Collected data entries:
(* In Smoluchowski's discrete model (defined in the context), for every $t\ge0$ there exists $\nu_t>0$ such that $\mathbb{P}(n^{(N)}_t\le\nu_t)\to0$ as $N\to\infty$.
   Context: Smoluchowski's discrete model: fix $N\ge2$ and $(\alpha(N))$ with $\alpha(N)\to\infty$, $\alpha(N)/N\to0$. Particles are $[N]$; each unordered pair $\{i,j\}$ gets an independent exponential clock with parameter $1/N$; initially no links. When a clock rings the link is created unless one of its ends belongs at that moment to a cluster (connected component of created links) of size $\ge\alpha(N)$, in which case it is never created. Particles in clusters of size $<\alpha(N)$ are in solution; $n^{(N)}_t$ is the number of particles in solution at time $t$ divided by $N$. *)

From HB Require Import structures.
From mathcomp Require Import all_boot all_order all_algebra.
From mathcomp Require Import all_classical all_reals all_analysis.
Set Implicit Arguments. Unset Strict Implicit. Unset Printing Implicit Defensive.
Import Order.TTheory GRing.Theory Num.Theory.
Local Open Scope classical_set_scope.
Local Open Scope ring_scope.

(* Unordered pairs {i,j} of particles of [N] = 'I_N, represented as (i,j) with i < j. *)
Definition upair (N : nat) := {p : 'I_N * 'I_N | (p.1 < p.2)%N}.

Definition linked (N : nat) (E : {set upair N}) : rel 'I_N :=
  fun x y => [exists p : upair N, (p \in E) &&
     (((val p).1 == x) && ((val p).2 == y) || ((val p).1 == y) && ((val p).2 == x))].

Definition cluster_size (N : nat) (E : {set upair N}) (x : 'I_N) : nat :=
  #|[set y | connect (linked E) x y]|.

Definition ring_step (R : realType) (N : nat) (alpha : R)
    (E : {set upair N}) (p : upair N) : {set upair N} :=
  if ((cluster_size E (val p).1)%:R < alpha) && ((cluster_size E (val p).2)%:R < alpha)
  then p |: E else E.

(* Set of links created by time t, given the ringing times w of the clocks:
   the clocks having rung by time t are processed in chronological order. *)
Definition links_at (R : realType) (N : nat) (alpha : R) (w : upair N -> R) (t : R)
    : {set upair N} :=
  foldl (ring_step alpha) (finset.set0 : {set upair N})
    (sort (fun p q => w p <= w q) [seq p <- enum {: upair N} | w p <= t]).

(* n_t^{(N)}: fraction of particles in solution (cluster size < alpha) at time t. *)
Definition sol_frac (R : realType) (N : nat) (alpha : R) (w : upair N -> R) (t : R) : R :=
  (#|[set x | (cluster_size (links_at alpha w t) x)%:R < alpha]|)%:R / N%:R.

Definition mutually_independent d (T : measurableType d) (R : realType)
    (P : probability T R) (I : finType) (X : I -> {RV P >-> R}) : Prop :=
  forall B : I -> set R, (forall i, measurable (B i)) ->
    P (\bigcap_(i in [set: I]) (X i @^-1` B i)) = (\prod_(i : I) P (X i @^-1` B i))%E.

From HB Require Import structures.
From mathcomp Require Import all_boot all_order all_algebra.
From mathcomp Require Import all_classical all_reals all_analysis.
From mathcomp Require Import zify ring lra.
From mathcomp Require Import measurable_realfun.
Import Order.TTheory GRing.Theory Num.Theory.
Local Open Scope classical_set_scope.
Local Open Scope ring_scope.
Set Implicit Arguments. Unset Strict Implicit. Unset Printing Implicit Defensive.

(* Call a particle isolated if none of the clocks of its N - 1 pairs has rung
   by time s := t + 1. An isolated particle is still a singleton cluster at
   time t, hence in solution once alpha > 1. Particle x is isolated with
   probability q ^ (N - 1) >= e^-s, where q = e^(-s/N); two particles share
   exactly one clock, so the isolation events of x <> y have correlation factor
   1/q = e^(s/N) -> 1. The number Z of isolated particles thus has mean
   m >= N e^-s and second moment at most m + m^2 e^(s/N), and Chebyshev's
   inequality bounds P(n_t <= e^-s / 2) <= P(Z <= m/2) by
   4/m + 4 (e^(s/N) - 1) -> 0. *)

Definition incident (N : nat) (x : 'I_N) (p : upair N) : bool :=
  ((val p).1 == x) || ((val p).2 == x).

Lemma card_incident_le (N : nat) (x : 'I_N) :
  (#|[pred p : upair N | incident x p]| <= N)%N.
Proof.
pose other (p : upair N) : 'I_N := if (val p).1 == x then (val p).2 else (val p).1.
have other_inj : {in [pred p : upair N | incident x p] &, injective other}.
  move=> [[a b] hab] [[c e] hce]; rewrite !inE /incident /other /= => hp hq ho.
  apply: val_inj => /=.
  case: (eqVneq a x) hp ho => ax hp ho; case: (eqVneq c x) hq ho => cx hq ho;
    rewrite /= in hp hq ho.
  - by subst.
  - by move/eqP: hq => ex; subst; move: hce hab; rewrite /=; lia.
  - by move/eqP: hp => bx; subst; move: hce hab; rewrite /=; lia.
  - by move/eqP: hp => bx; move/eqP: hq => ex; subst.
rewrite -(card_in_imset other_inj); apply: leq_trans (max_card _) _.
by rewrite card_ord.
Qed.

Lemma incident2_uniq (N : nat) (x y : 'I_N) (p q : upair N) : x != y ->
  incident x p -> incident y p -> incident x q -> incident y q -> p = q.
Proof.
move: p q => [[a b] hab] [[c e] hce]; rewrite /incident /= => xy.
move=> /orP[/eqP ax|/eqP bx] /orP[/eqP ay|/eqP b_y]
       /orP[/eqP cx|/eqP ex] /orP[/eqP cy|/eqP ey];
  subst; try by rewrite eqxx in xy.
all: apply: val_inj => //=; move: hab hce; rewrite /=; lia.
Qed.

Lemma exists_incident2 (N : nat) (x y : 'I_N) :
  x != y -> exists p : upair N, incident x p && incident y p.
Proof.
move=> xy; case: (ltngtP x y) => h.
- by exists (exist _ (x, y) h); rewrite /incident /= !eqxx orbT.
- by exists (exist _ (y, x) h); rewrite /incident /= !eqxx orbT.
- by move: xy; rewrite (val_inj h) eqxx.
Qed.

Section links.
Context (R : realType) (N : nat) (alpha : R).

Lemma mem_foldl_ring_step (s : seq (upair N)) (E : {set upair N}) p :
  p \in foldl (ring_step alpha) E s -> (p \in E) || (p \in s).
Proof.
elim: s E => [|a s IH] E /=; first by rewrite orbF.
move=> /IH /orP[|]; last by move=> ps; rewrite in_cons ps !orbT.
rewrite /ring_step in_cons; case: ifP => _; last by move=> ->.
by rewrite in_setU1 => /orP[/eqP ->|->]; rewrite ?eqxx ?orbT.
Qed.

Lemma links_at_rung (w : upair N -> R) (t : R) p :
  p \in links_at alpha w t -> w p <= t.
Proof.
move/mem_foldl_ring_step; rewrite finset.in_set0 mem_sort mem_filter.
by case/andP.
Qed.

Lemma cluster_size_isolated (w : upair N -> R) (t : R) (x : 'I_N) :
  (forall p, incident x p -> t < w p) -> cluster_size (links_at alpha w t) x = 1%N.
Proof.
move=> x_iso.
have unlinked y : linked (links_at alpha w t) x y = false.
  apply/negbTE/existsP => -[p /andP[/links_at_rung wp hp]].
  suff /x_iso : incident x p by rewrite ltNge wp.
  by rewrite /incident; case/orP: hp => /andP[/eqP -> /eqP ->]; rewrite eqxx ?orbT.
rewrite /cluster_size -(card1 x); apply: eq_card => y.
apply/idP/idP; rewrite !inE; last by move=> /eqP ->; exact: connect0.
by case/connectP => -[|z s] /= => [_ ->|]; rewrite ?unlinked.
Qed.

Lemma sum_isolated_le_sol_frac (w : upair N -> R) (t : R) (iso : pred 'I_N) :
  (0 < N)%N -> 1 < alpha ->
  (forall x, iso x -> forall p, incident x p -> t < w p) ->
  \sum_x (iso x)%:R <= N%:R * sol_frac alpha w t.
Proof.
move=> N0 alpha1 iso_isolated.
rewrite /sol_frac mulrCA divff ?pnatr_eq0 -?lt0n // mulr1.
rewrite -natr_sum ler_nat -sum1_card [leqRHS]big_mkcond /=.
apply: leq_sum => x _; case: (boolP (iso x)) => // /iso_isolated x_iso.
by rewrite mem_set //= cluster_size_isolated.
Qed.

End links.

(* The solution fraction only depends on which clocks have rung by time t and
   on their relative order: finitely many comparisons of measurable functions. *)
Definition comparison_pattern (R : realType) (N : nat) (w : upair N -> R) (t : R) :
  {ffun upair N * upair N -> bool} * {ffun upair N -> bool} :=
  ([ffun pq => w pq.1 <= w pq.2], [ffun p => w p <= t]).

Definition sol_frac_of_pattern (R : realType) (N : nat) (alpha : R)
    (pat : {ffun upair N * upair N -> bool} * {ffun upair N -> bool}) : R :=
  (#|[set x | (cluster_size (foldl (ring_step alpha) (finset.set0 : {set upair N})
     (sort (fun p q => pat.1 (p, q)) [seq p <- enum {: upair N} | pat.2 p])) x)%:R
     < alpha]|)%:R / N%:R.

Lemma sol_frac_patternE (R : realType) (N : nat) (alpha : R) (w : upair N -> R) (t : R) :
  sol_frac alpha w t = sol_frac_of_pattern alpha (comparison_pattern w t).
Proof.
rewrite /sol_frac_of_pattern.
have -> : (fun p q => (comparison_pattern w t).1 (p, q)) = (fun p q => w p <= w q).
  by apply/funext => p; apply/funext => q; rewrite ffunE.
have -> : (fun p => (comparison_pattern w t).2 p) = (fun p => w p <= t).
  by apply/funext => p; rewrite ffunE.
by [].
Qed.

Lemma measurable_sol_frac_le (R : realType) (N : nat) (alpha : R) d (T : measurableType d)
    (w : upair N -> T -> R) (t nu : R) :
  (forall p, measurable_fun setT (w p)) ->
  measurable [set om | sol_frac alpha (fun p => w p om) t <= nu].
Proof.
move=> mw.
have mcmp (f g : T -> R) b : measurable_fun setT f -> measurable_fun setT g ->
    measurable [set om | (f om <= g om) = b].
  move=> mf mg; have := measurable_fun_ler mf mg measurableT (_ : measurable [set b]).
  by rewrite setTI; apply.
have -> : [set om | sol_frac alpha (fun p => w p om) t <= nu] =
  \bigcup_(pat in [set pat | sol_frac_of_pattern alpha pat <= nu])
     ((\bigcap_(pq in [set: upair N * upair N])
         [set om | (w pq.1 om <= w pq.2 om) = pat.1 pq]) `&`
      (\bigcap_(p in [set: upair N]) [set om | (w p om <= t) = pat.2 p])).
  apply/seteqP; split => om /=.
  - move=> sol_le; exists (comparison_pattern (fun p => w p om) t).
      by rewrite /= -sol_frac_patternE.
    by split => [pq _|p _] /=; rewrite ffunE.
  - move=> [[r f] /= sol_le [hr hf]].
    suff pat_om : comparison_pattern (fun p => w p om) t = (r, f).
      by rewrite sol_frac_patternE pat_om.
    by congr (_, _); apply/ffunP => x; rewrite ffunE; [exact: hr | exact: hf].
apply: fin_bigcup_measurable; first exact: finite_finset.
move=> pat _; apply: measurableI.
- apply: fin_bigcap_measurable; first exact: finite_finset.
  by move=> pq _; exact: mcmp.
- apply: fin_bigcap_measurable; first exact: finite_finset.
  by move=> p _; apply: mcmp => //; exact: measurable_cst.
Qed.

_TASK OBJECTIVE_
Once you find the line with "exactly one clock, so" in the entries above, output it and each line after it up to and including the line with "move: p q =>", and nothing else.

_ANSWER TO THE EXERCISE_
   exactly one clock, so the isolation events of x <> y have correlation factor
   1/q = e^(s/N) -> 1. The number Z of isolated particles thus has mean
   m >= N e^-s and second moment at most m + m^2 e^(s/N), and Chebyshev's
   inequality bounds P(n_t <= e^-s / 2) <= P(Z <= m/2) by
   4/m + 4 (e^(s/N) - 1) -> 0. *)

Definition incident (N : nat) (x : 'I_N) (p : upair N) : bool :=
  ((val p).1 == x) || ((val p).2 == x).

Lemma card_incident_le (N : nat) (x : 'I_N) :
  (#|[pred p : upair N | incident x p]| <= N)%N.
Proof.
pose other (p : upair N) : 'I_N := if (val p).1 == x then (val p).2 else (val p).1.
have other_inj : {in [pred p : upair N | incident x p] &, injective other}.
  move=> [[a b] hab] [[c e] hce]; rewrite !inE /incident /other /= => hp hq ho.
  apply: val_inj => /=.
  case: (eqVneq a x) hp ho => ax hp ho; case: (eqVneq c x) hq ho => cx hq ho;
    rewrite /= in hp hq ho.
  - by subst.
  - by move/eqP: hq => ex; subst; move: hce hab; rewrite /=; lia.
  - by move/eqP: hp => bx; subst; move: hce hab; rewrite /=; lia.
  - by move/eqP: hp => bx; move/eqP: hq => ex; subst.
rewrite -(card_in_imset other_inj); apply: leq_trans (max_card _) _.
by rewrite card_ord.
Qed.

Lemma incident2_uniq (N : nat) (x y : 'I_N) (p q : upair N) : x != y ->
  incident x p -> incident y p -> incident x q -> incident y q -> p = q.
Proof.
move: p q => [[a b] hab] [[c e] hce]; rewrite /incident /= => xy.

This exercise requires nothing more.